Aim of the exercise: Starting at the line containing "(* complete k-partite" and ending at the line containing "coordinate of a", print every line of the material below exactly, both ends included, and stop there.
>>>>>
(* Let $k\ge 2$ and let $m_1<m_2<\dots<m_k$ be positive integers. Then the complete $k$-partite graph $K_{m_1,m_2,\dots,m_k}$ satisfies $IDI(K_{m_1,m_2,\dots,m_k})=m_k$.
   Context: $K_{m_1,\dots,m_k}$ is the complete $k$-partite graph whose parts have sizes $m_1,\dots,m_k$. For a finite simple connected graph $G=(V,E)$ with diameter $d$, a rank assignment is a function $f:V\to\mathbb{R}$; under $f$, the string of a vertex $v$ is the $d$-vector whose $i$-th coordinate is the sum of $f(w)$ over all vertices $w$ with $d(v,w)=i$. The ID-index $IDI(G)$ is the minimum $k$ such that there exists $f:V\to\mathbb{R}$ with $|f(V)|=k$ under which all vertices have distinct strings. *)

From HB Require Import structures.
From mathcomp Require Import all_boot all_order all_algebra.
From mathcomp Require Import Rstruct.
From Stdlib Require Import Rdefinitions.
Set Implicit Arguments. Unset Strict Implicit. Unset Printing Implicit Defensive.
Import GRing.Theory.
Local Open Scope ring_scope.
Notation R := Rdefinitions.R.

Section Graph.
Variables (T : finType) (adj : rel T).

Fixpoint ball (n : nat) (x : T) : {set T} :=
  match n with
  | 0 => [set x]
  | n'.+1 => ball n' x :|: [set y | [exists z in ball n' x, adj z y]]
  end.

(* graph distance: least n with y in ball n x (#|T| if unreachable) *)
Definition dist (x y : T) : nat := find (fun n => y \in ball n x) (iota 0 #|T|).

Definition connected_graph : Prop := forall x y : T, y \in ball #|T| x.

Definition diameter : nat := \max_(x : T) \max_(y : T) dist x y.

Definition vstring (f : T -> R) (v : T) : seq R :=
  [seq \sum_(w : T | dist v w == i) f w | i <- iota 1 diameter].

Definition distinct_strings (f : T -> R) : Prop := injective (vstring f).

Definition num_ranks (f : T -> R) : nat := size (undup (codom f)).

Definition IDI_is (k : nat) : Prop :=
  (exists f : T -> R, distinct_strings f /\ num_ranks f = k) /\
  (forall f : T -> R, distinct_strings f -> leq k (num_ranks f)).
End Graph.

(* complete k-partite graph with parts of sizes m 0, ..., m (k-1) *)
Definition kpart_vertex (k : nat) (m : nat -> nat) : finType := {i : 'I_k & 'I_(m i)}.

Definition kpart_adj (k : nat) (m : nat -> nat) : rel (kpart_vertex k m) :=
  fun x y => tag x != tag y.
Arguments kpart_adj k m : clear implicits.

(** In [K_{m_1,...,m_k}] two vertices of the same part are exchanged by a graph
    automorphism, so if they receive the same rank they have the same string:
    any distinguishing assignment is injective on every part and uses at least
    [m_k] ranks. Conversely, rank each vertex by its index [0, ..., m_i - 1]
    inside its part [i]. The part then has rank sum [C(m_i, 2)]; the first
    coordinate of a string is the total rank sum minus the rank sum of the
    vertex's part, which determines the part because the [m_i] are distinct,
    and the second is that part sum minus the vertex's own rank, which
    determines the vertex. This uses exactly [m_k] ranks. *)
From HB Require Import structures.
From mathcomp Require Import all_boot all_order all_algebra all_fingroup.
From mathcomp Require Import Rstruct.
From Stdlib Require Import Rdefinitions.
Import GRing.Theory Num.Theory.

Lemma ltn_bin2 a b : 0 < a -> a < b -> 'C(a, 2) < 'C(b, 2).
Proof.
move=> a_gt0 ab; apply: leq_trans (leq_bin2l 2 ab).
by rewrite binS bin1 -addn1 leq_add2l.
Qed.

Lemma bin2_inj a b : 0 < a -> 0 < b -> 'C(a, 2) = 'C(b, 2) -> a = b.
Proof.
move=> a_gt0 b_gt0 ab; case: (ltngtP a b) => // [lt|gt].
  by have := ltn_bin2 _ _ a_gt0 lt; rewrite ab ltnn.
by have := ltn_bin2 _ _ b_gt0 gt; rewrite ab ltnn.
Qed.

Lemma leq_mono_of_ltS (f : nat -> nat) (k : nat) :
  (forall i, i.+1 < k -> f i < f i.+1) ->
  {in [pred i | i < k] &, {mono f : i j / i <= j}}.
Proof.
move=> f_incr; apply: leq_mono_in; apply: homo_ltn_in => [y x z| |i _]; rewrite ?inE.
- exact: ltn_trans.
- by move=> i j _ jk l /andP[_ lj]; rewrite !inE in jk *; exact: ltn_trans lj jk.
- exact: f_incr.
Qed.

Lemma card_le_num_ranks (S T : finType) (f : T -> R) (h : S -> T) :
  injective (f \o h) -> #|S| <= num_ranks f.
Proof.
move=> fh_inj; rewrite cardE -(size_map (f \o h)) /num_ranks.
apply: uniq_leq_size; first by rewrite (map_inj_uniq fh_inj) enum_uniq.
by move=> _ /mapP[s _ ->]; rewrite mem_undup /= codom_f.
Qed.

Section GraphDistance.
Variables (T : finType) (adj : rel T).

Lemma dist_eq_first_ball n x y : n < #|T| -> y \in ball adj n x ->
  (forall j, j < n -> y \notin ball adj j x) -> dist adj x y = n.
Proof.
move=> n_lt y_n y_lt; rewrite /dist -(subnKC (ltnW n_lt)) iotaD find_cat.
have -> : has (fun j => y \in ball adj j x) (iota 0 n) = false.
  by apply/hasPn => j; rewrite mem_iota => /y_lt.
have -> : #|T| - n = (#|T| - n.+1).+1 by rewrite subnS prednK // subn_gt0.
by rewrite /= y_n size_iota addn0.
Qed.

Local Open Scope ring_scope.

Lemma nth_vstring (f : T -> R) v n : (n < diameter adj)%nat ->
  nth 0 (vstring adj f v) n = \sum_(w | dist adj v w == n.+1) f w.
Proof. by move=> n_lt; rewrite (nth_map 0%nat) ?size_iota ?nth_iota. Qed.

Section Automorphism.
Variable s : {perm T}.
Hypothesis adj_perm : forall x y, adj (s x) (s y) = adj x y.

Lemma ball_perm n x y : (s y \in ball adj n (s x)) = (y \in ball adj n x).
Proof.
elim: n y => [|n IHn] y /=; first by rewrite !inE (inj_eq perm_inj).
rewrite !inE IHn; congr (_ || _); apply/existsP/existsP => [[z]|[z]].
  by rewrite -(permKV s z) IHn adj_perm => ?; exists (s^-1 z)%g.
by rewrite -IHn -(adj_perm z) => ?; exists (s z).
Qed.

Lemma dist_perm x y : dist adj (s x) (s y) = dist adj x y.
Proof. by apply: eq_find => n; rewrite ball_perm. Qed.

Lemma vstring_perm (f : T -> R) x :
  (forall w, f (s w) = f w) -> vstring adj f (s x) = vstring adj f x.
Proof.
move=> f_perm; apply: eq_map => i; rewrite (reindex_inj (@perm_inj _ s)) /=.
by apply: eq_big => [w|w _]; rewrite ?dist_perm ?f_perm.
Qed.

End Automorphism.
End GraphDistance.

Section CompleteMultipartite.
Variables (k : nat) (m : nat -> nat).

Local Notation V := (kpart_vertex k m).
Local Notation adj := (kpart_adj k m).
Local Open Scope ring_scope.

Definition part_vertex (i : 'I_k) (j : 'I_(m i)) : V := Tagged (fun i : 'I_k => 'I_(m i)) j.

Definition part_index (v : V) : R := (tagged v : nat)%:R.

Lemma tag_tperm (x y z : V) : tag x = tag y -> tag (tperm x y z) = tag z.
Proof. by move=> xy; case: tpermP => [->|->|] //; rewrite xy. Qed.

Lemma vstring_part_swap (f : V -> R) (x y : V) : tag x = tag y -> f x = f y ->
  vstring adj f x = vstring adj f y.
Proof.
move=> xy fxy; rewrite -[in RHS](tpermL x y); symmetry; apply: vstring_perm.
  by move=> a b; rewrite /kpart_adj !tag_tperm.
by move=> w; case: tpermP => [->|->|].
Qed.

Lemma part_size_le_num_ranks (f : V -> R) (i : 'I_k) :
  distinct_strings adj f -> (m i <= num_ranks f)%nat.
Proof.
move=> f_dist; rewrite -[m i]card_ord.
apply: (@card_le_num_ranks _ _ _ (part_vertex i)).
move=> a b fab; apply: (@eq_from_Tagged _ (fun i : 'I_k => 'I_(m i))).
exact: f_dist (vstring_part_swap f (part_vertex i a) (part_vertex i b) erefl fab).
Qed.

Lemma num_ranks_part_index (i : 'I_k) :
  (forall j : 'I_k, (m j <= m i)%nat) -> num_ranks part_index = m i.
Proof.
move=> m_le; have -> : m i = size [seq n%:R : R | n <- iota 0 (m i)].
  by rewrite size_map size_iota.
rewrite /num_ranks.
apply/perm_size/uniq_perm; rewrite ?undup_uniq ?iota_uniq //.
  by rewrite (map_inj_uniq (mulrIn (oner_neq0 R))) iota_uniq.
move=> r; rewrite mem_undup; apply/codomP/mapP => [[v ->]|[n]].
  by exists (tagged v : nat); rewrite // mem_iota (leq_trans (ltn_ord _)).
by rewrite mem_iota add0n => n_lt ->; exists (part_vertex i (Ordinal n_lt)).
Qed.

Lemma sum_part_index (i : 'I_k) :
  \sum_(w : V | tag w == i) part_index w = ('C(m i, 2))%:R.
Proof.
rewrite -bin2_sum big_mkord natr_sum.
rewrite (big_tag (fun (i : 'I_k) (j : 'I_(m i)) => (j : nat)%:R : R) i).
apply: eq_big => // w /eqP e.
by rewrite (untagE _ _ e); case: w e => /= i' j e; subst i.
Qed.

Hypothesis two_parts : (1 < k)%nat.
Hypothesis parts_nonempty : forall i : 'I_k, (0 < m i)%nat.

Lemma two_distinct_parts : exists a b : 'I_k, a != b.
Proof.
have [a [b [_ _ ab]]] : exists a b : 'I_k, [/\ a \in 'I_k, b \in 'I_k & a != b].
  by apply/card_gt1P; rewrite card_ord.
by exists a, b.
Qed.

Lemma other_part_vertex (x : V) : exists z : V, tag x != tag z.
Proof.
have [a [b ab]] := two_distinct_parts.
have [c xc] : exists c, tag x != c.
  by case: (eqVneq (tag x) a) => [->|]; [exists b | exists a].
by exists (part_vertex c (Ordinal (parts_nonempty c))).
Qed.

Lemma mem_kpart_ball1 (x y : V) : (y \in ball adj 1 x) = (y == x) || (tag x != tag y).
Proof.
rewrite /= !inE; congr (_ || _).
by apply/existsP/idP => [[z /andP[/set1P-> //]]|xy]; exists x; rewrite set11.
Qed.

Lemma mem_kpart_ball2 (x y : V) : y \in ball adj 2 x.
Proof.
rewrite inE mem_kpart_ball1 /= !inE.
case: (eqVneq (tag x) (tag y)) => [xy|]; last by rewrite orbT.
have [z xz] := other_part_vertex x.
apply/orP; right; apply/existsP; exists z.
by rewrite mem_kpart_ball1 xz orbT /kpart_adj -xy eq_sym.
Qed.

Lemma kpart_dist (x y : V) :
  dist adj x y = if y == x then 0%nat else if tag x != tag y then 1%nat else 2%nat.
Proof.
case: (eqVneq y x) => [->|yx].
  by apply: dist_eq_first_ball; rewrite ?inE //; apply/card_gt0P; exists x.
case: ifPn => [xy|/negPn/eqP xy].
  apply: dist_eq_first_ball => [||[|] // _]; rewrite ?mem_kpart_ball1 ?xy ?orbT ?inE //.
  by apply/card_gt1P; exists x, y; rewrite eq_sym yx.
have [z xz] := other_part_vertex x.
apply: dist_eq_first_ball => [||[|[|]] // _].
- apply/card_gt2P; exists x, y, z; split=> //; split; first by rewrite eq_sym.
    by apply: contraNneq xz => <-; rewrite xy.
  by apply: contraNneq xz => ->.
- exact: mem_kpart_ball2.
- by rewrite inE.
- by rewrite mem_kpart_ball1 (negbTE yx) xy eqxx.
Qed.

Lemma sum_dist1_add_part (f : V -> R) v :
  \sum_(w | dist adj v w == 1%nat) f w + \sum_(w | tag w == tag v) f w = \sum_w f w.
Proof.
rewrite [RHS](bigID (fun w : V => tag w == tag v)) addrC; congr (_ + _).
apply: eq_bigl => w; rewrite kpart_dist.
case: (eqVneq w v) => [->|_]; first by rewrite !eqxx.
by rewrite [tag w == _]eq_sym; case: (tag v == tag w).
Qed.

Lemma sum_part_dist2 (f : V -> R) v :
  \sum_(w | tag w == tag v) f w = f v + \sum_(w | dist adj v w == 2%nat) f w.
Proof.
rewrite (bigD1 v) //=; congr (_ + _); apply: eq_bigl => w; rewrite kpart_dist.
case: (eqVneq w v) => [->|_]; first by rewrite !eqxx andbF.
by rewrite andbT [tag w == _]eq_sym; case: (tag v == tag w).
Qed.

Hypothesis part_sizes_distinct : injective (fun i : 'I_k => m i).

Lemma kpart_diameter_ge2 : (2 <= diameter adj)%nat.
Proof.
have [i m_i_gt1] : exists i : 'I_k, (1 < m i)%nat.
  have [a [b ab]] := two_distinct_parts.
  case: (ltngtP (m a) (m b)) => [lt|gt|/part_sizes_distinct eq_ab].
  - by exists b; apply: leq_ltn_trans lt.
  - by exists a; apply: leq_ltn_trans gt.
  - by rewrite eq_ab eqxx in ab.
pose x := part_vertex i (Ordinal (ltnW m_i_gt1)).
pose y := part_vertex i (Ordinal m_i_gt1).
apply: leq_trans (leq_bigmax x); apply: leq_trans (leq_bigmax y).
by rewrite kpart_dist /= eqxx; case: eqP => // /eq_from_Tagged.
Qed.

Lemma distinct_strings_part_index : distinct_strings adj part_index.
Proof.
move=> v w vw.
have ge2 := kpart_diameter_ge2.
have s1 := congr1 (nth 0 ^~ 0%nat) vw; have s2 := congr1 (nth 0 ^~ 1%nat) vw.
rewrite /= !nth_vstring ?(leq_trans _ ge2) // in s1 s2.
have eq_part_sums :
    \sum_(u | tag u == tag v) part_index u = \sum_(u | tag u == tag w) part_index u.
  apply: (addrI (\sum_(u | dist adj v u == 1%nat) part_index u)).
  by rewrite sum_dist1_add_part s1 sum_dist1_add_part.
have vw_part : tag v = tag w.
  apply/part_sizes_distinct/bin2_inj; rewrite ?parts_nonempty //.
  by apply/eqP; rewrite -(eqr_nat R) -!sum_part_index eq_part_sums.
have : part_index v = part_index w.
  apply: (addIr (\sum_(u | dist adj v u == 2%nat) part_index u)).
  by rewrite -sum_part_dist2 s2 -sum_part_dist2.
move/eqP; rewrite eqr_nat => /eqP.
by case: v w vw_part {vw s1 s2 eq_part_sums} => [i a] [j b] /= eij; subst j => /val_inj ->.
Qed.

End CompleteMultipartite.

Theorem mainTheorem12 (k : nat) (m : nat -> nat) :
  2 <= k ->
  (forall i, i < k -> 0 < m i) ->
  (forall i, i.+1 < k -> m i < m i.+1) ->
  IDI_is (kpart_adj k m) (m k.-1).
Proof.
move=> k_ge2 m_gt0 m_incr.
have m_mono := leq_mono_of_ltS m k m_incr.
have m_inj : injective (fun i : 'I_k => m i).
  by move=> i j /eqP; rewrite eqn_leq !m_mono ?inE // -eqn_leq => /eqP /val_inj.
have last_lt : k.-1 < k by rewrite prednK // ltnW.
have m_le_last (j : 'I_k) : m j <= m (Ordinal last_lt).
  by rewrite m_mono ?inE //= -ltnS (prednK (ltnW k_ge2)).
have parts_nonempty (i : 'I_k) : 0 < m i by exact: m_gt0.
split.
  exists (@part_index k m); split.
    exact: (@distinct_strings_part_index k m k_ge2 parts_nonempty m_inj).
  exact: (@num_ranks_part_index k m _ m_le_last).
by move=> f f_dist; exact: (@part_size_le_num_ranks k m f (Ordinal last_lt) f_dist).
Qed.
<<<<<
Your solution:
(* complete k-partite graph with parts of sizes m 0, ..., m (k-1) *)
Definition kpart_vertex (k : nat) (m : nat -> nat) : finType := {i : 'I_k & 'I_(m i)}.

Definition kpart_adj (k : nat) (m : nat -> nat) : rel (kpart_vertex k m) :=
  fun x y => tag x != tag y.
Arguments kpart_adj k m : clear implicits.

(** In [K_{m_1,...,m_k}] two vertices of the same part are exchanged by a graph
    automorphism, so if they receive the same rank they have the same string:
    any distinguishing assignment is injective on every part and uses at least
    [m_k] ranks. Conversely, rank each vertex by its index [0, ..., m_i - 1]
    inside its part [i]. The part then has rank sum [C(m_i, 2)]; the first
    coordinate of a string is the total rank sum minus the rank sum of the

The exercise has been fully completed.